> **Problem to work on**
What lines of the data below hold the string "Import"? Copy each one out.

________

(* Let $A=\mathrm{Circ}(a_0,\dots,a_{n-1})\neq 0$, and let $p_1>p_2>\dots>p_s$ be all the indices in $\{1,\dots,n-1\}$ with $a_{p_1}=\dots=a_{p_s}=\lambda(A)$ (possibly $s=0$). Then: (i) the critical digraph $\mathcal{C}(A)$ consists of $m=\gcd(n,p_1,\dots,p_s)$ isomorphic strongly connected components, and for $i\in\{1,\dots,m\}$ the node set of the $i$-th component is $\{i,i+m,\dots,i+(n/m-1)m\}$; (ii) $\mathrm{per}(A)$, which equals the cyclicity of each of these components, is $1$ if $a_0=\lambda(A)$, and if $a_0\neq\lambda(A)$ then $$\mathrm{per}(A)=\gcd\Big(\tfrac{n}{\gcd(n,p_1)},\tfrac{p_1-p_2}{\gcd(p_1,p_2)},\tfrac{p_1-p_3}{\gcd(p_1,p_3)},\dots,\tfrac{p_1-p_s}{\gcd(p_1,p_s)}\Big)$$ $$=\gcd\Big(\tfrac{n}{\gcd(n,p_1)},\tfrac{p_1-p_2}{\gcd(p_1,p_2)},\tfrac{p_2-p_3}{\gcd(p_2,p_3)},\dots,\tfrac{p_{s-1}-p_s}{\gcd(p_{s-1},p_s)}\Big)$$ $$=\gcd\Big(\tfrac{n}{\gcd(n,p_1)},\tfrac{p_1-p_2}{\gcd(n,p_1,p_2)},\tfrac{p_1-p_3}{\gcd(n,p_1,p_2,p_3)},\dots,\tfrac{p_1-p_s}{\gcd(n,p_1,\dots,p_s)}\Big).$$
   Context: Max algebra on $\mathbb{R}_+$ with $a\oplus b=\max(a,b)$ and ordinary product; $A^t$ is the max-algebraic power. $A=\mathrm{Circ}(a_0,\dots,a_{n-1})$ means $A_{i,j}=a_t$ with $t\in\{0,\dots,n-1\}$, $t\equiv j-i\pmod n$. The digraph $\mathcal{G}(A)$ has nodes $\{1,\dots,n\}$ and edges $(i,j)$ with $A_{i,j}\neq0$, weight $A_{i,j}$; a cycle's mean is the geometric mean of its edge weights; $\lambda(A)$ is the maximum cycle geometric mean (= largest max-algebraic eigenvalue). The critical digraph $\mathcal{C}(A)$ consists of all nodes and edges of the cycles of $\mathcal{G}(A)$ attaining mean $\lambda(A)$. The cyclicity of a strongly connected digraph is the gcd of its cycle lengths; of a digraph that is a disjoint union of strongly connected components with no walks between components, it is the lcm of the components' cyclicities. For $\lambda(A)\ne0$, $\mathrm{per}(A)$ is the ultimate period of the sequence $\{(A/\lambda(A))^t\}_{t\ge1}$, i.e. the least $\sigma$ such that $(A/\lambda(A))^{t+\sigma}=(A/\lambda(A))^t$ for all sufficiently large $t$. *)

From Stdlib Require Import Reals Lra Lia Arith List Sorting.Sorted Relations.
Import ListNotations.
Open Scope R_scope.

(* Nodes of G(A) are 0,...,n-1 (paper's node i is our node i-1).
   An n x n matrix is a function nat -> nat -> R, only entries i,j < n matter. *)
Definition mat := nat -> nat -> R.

________

> **Answer for the task**
From Stdlib Require Import Reals Lra Lia Arith List Sorting.Sorted Relations.
Import ListNotations.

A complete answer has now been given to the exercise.